6. There is appositively and strongly correlation between income and dividends of the Jordanian industrial companies. This confirms the interactive effect between profits and dividends in the Jordanian industrial companies. Also Almedine [3], Abed [12] consider a reciprocal relationship between profits and dividends, because when profit increase the company's growth rate expected to increase, then expected future dividends will increase. Also, dividends policy reflects the ability of company to achieve future profits.

7. The effect of the dividends on the income is more than the effect of the income on the dividends in Jordanian industrial companies. Especially dividends policy a crucial policy effects the company's reputation and impressions of shareholders about financial position strength. In contrast dividends, policy effects the company's ability to retain returned earnings, which is reflected in the company's growth rate and its ability to achieve profit. This result agree with study done by zagreb [13] concluded that the effect of dividends higher than the effect of profit on shares market value.

Conclusion And Recommendations

The purpose of study investigates the effect of financing structure in achieving profits and distributing dividends of the Jordanian public industrial companies, and the interactive effect between profits and distributing dividends.
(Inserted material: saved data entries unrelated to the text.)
(* Let $2\le r_1<r_2$ be integers, let $T\in\mathfrak{F}(n)$ and let $\lambda=\rho(T)$. Put $\theta=\frac{-\lambda-\sqrt{\lambda^2-4}}{2}$ and $a_2=-\lambda+\frac{1}{\lambda}$. For a real $r\ge 2$ define the sequence $z_1(r)=-\lambda-\frac{r}{a_2}$, $z_{j+1}(r)=-\lambda-\frac{1}{z_j(r)}$ for $j\ge1$. Then: (a) $z_j(r)=\theta+\frac{\theta^{-1}-\theta}{\beta(\theta^2)^j+1}$, where $\beta=\beta(r)=\frac{r-a_2\theta}{a_2\theta-r\theta^2}$; (b) $\beta(r)$ is a continuous function of $r$ on $(2,\infty)\setminus\{r_*\}$, where $r_*=\frac{a_2}{\theta}$; moreover $\beta(r)$ has a single root, at $r^*=a_2\theta$, and $\beta(r)>0$ for $r\in(r_*,r^* )$; (c) for $r\in\{r_1,r_2\}$, the sequence $(z_j(r))_{j\ge1}$ satisfies $z_j(r)<0$ for all $j\ge1$, is decreasing, and $\lim_{j\to\infty}z_j(r)=\theta$.
   Context: $\rho(G)$ denotes the spectral radius (largest eigenvalue of the adjacency matrix) of a graph $G$. For integers $h,q_1,q_2\ge 2$ and fixed integers $2\le r_1<r_2$, the tree $[h,q_1,q_2]$ is constructed as follows: take a vertex $u$; attach to $u$ a pendant path with $h$ edges; attach to $u$ a path with $q_1$ edges ending at a vertex $v_1$, and attach to $v_1$ exactly $r_1$ pendant paths with $2$ edges each; attach to $u$ a path with $q_2$ edges ending at a vertex $v_2$, and attach to $v_2$ exactly $r_2$ pendant paths with $2$ edges each. It has $n=1+h+q_1+q_2+2(r_1+r_2)$ vertices. $\mathfrak{F}(n)$ is the set of all such trees $[h,q_1,q_2]$ with $h,q_1,q_2\ge2$ and $h+q_1+q_2=n-1-2(r_1+r_2)$. *)

From HB Require Import structures.
From mathcomp Require Import all_boot all_order all_algebra.
From mathcomp Require Import all_classical all_reals all_analysis.
Set Implicit Arguments. Unset Strict Implicit. Unset Printing Implicit Defensive.
Import Order.TTheory GRing.Theory Num.Theory.

(* The tree [h,q1,q2] (with r1 r2 pendant P3's at v1, v2), vertices 0..n-1:
   u = 0;
   pendant path u-1-2-...-h;
   path u-(h+1)-...-(h+q1) = v1;
   r1 pendant paths of 2 edges at v1: v1-(c0+2k)-(c0+2k+1), k < r1, c0 = h+q1+1;
   path u-d0-(d0+1)-...-(d0+q2-1) = v2, d0 = c0 + 2 r1;
   r2 pendant paths of 2 edges at v2: v2-(e0+2k)-(e0+2k+1), k < r2, e0 = d0+q2. *)
Definition tree_order (h q1 q2 r1 r2 : nat) : nat := 1 + h + q1 + q2 + 2 * (r1 + r2).

Definition tparent (h q1 q2 r1 r2 i : nat) : nat :=
  let c0 := h + q1 + 1 in
  let d0 := c0 + 2 * r1 in
  let e0 := d0 + q2 in
  if (i <= h)%N then i.-1
  else if i == h + 1 then 0%N
  else if (i < c0)%N then i.-1
  else if (i < d0)%N then (if odd (i - c0) then i.-1 else h + q1)%N
  else if i == d0 then 0%N
  else if (i < e0)%N then i.-1
  else (if odd (i - e0) then i.-1 else e0.-1).

Definition tree_edge (h q1 q2 r1 r2 i j : nat) : bool :=
  ((i != 0%N) && (tparent h q1 q2 r1 r2 i == j)) ||
  ((j != 0%N) && (tparent h q1 q2 r1 r2 j == i)).

Definition tree_adj (R : fieldType) (h q1 q2 r1 r2 : nat)
  : 'M[R]_(tree_order h q1 q2 r1 r2) :=
  \matrix_(i, j) ((tree_edge h q1 q2 r1 r2 i j : nat)%:R)%R.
The researcher can reach to different consultation and recommendations the most prominent were:

• The necessity of Jordanian industrial companies concentrate and increase their attention and efficiency of investing borrowed funds, through making decision balances between the important elements related with return on investment expected of debt funds on the one side, and the interest paid and controlling debt costs on the other side.

•Determining the dividends policy that help in improving the company's reputation and image between investors, and reflects the value of its shares and its ability to achieve earnings and retained earnings. In contrast, increasing dividends lead to decline the value of returned earnings, which adversely affect the company's growth rate and its value.

• Securities official bodies and authority in Jordan must increase their interests in the financial market efficiency by enabling the Jordanian industrial companies issuing new financial instruments such as preferred shares in facilitating terms, and helping companies to obtain financing sources, thus enabling these companies utilization investment opportunities and reach to the idle financing structure, that maximizing the wealth of the owners and the value of the company.

• Researcher need to continue their research in this field and applied comparative studies in other sectors such as financial and service sectors. And study the idle composition of financing structure that related returns and weighted average capital cost of financing funds, and makes the weighted cost of funds at a minimum level.

• Finally, the researcher confirms the need for the companies to diversify their financing resources that lead to diversity risks and obtain a balance between the degrees of risk associated with increasing debt on the one hand and the use of their advantages on the other hand. And directed their funds toward thoughtful and profitable investments able to cover their costs and increase the company's value in the long run.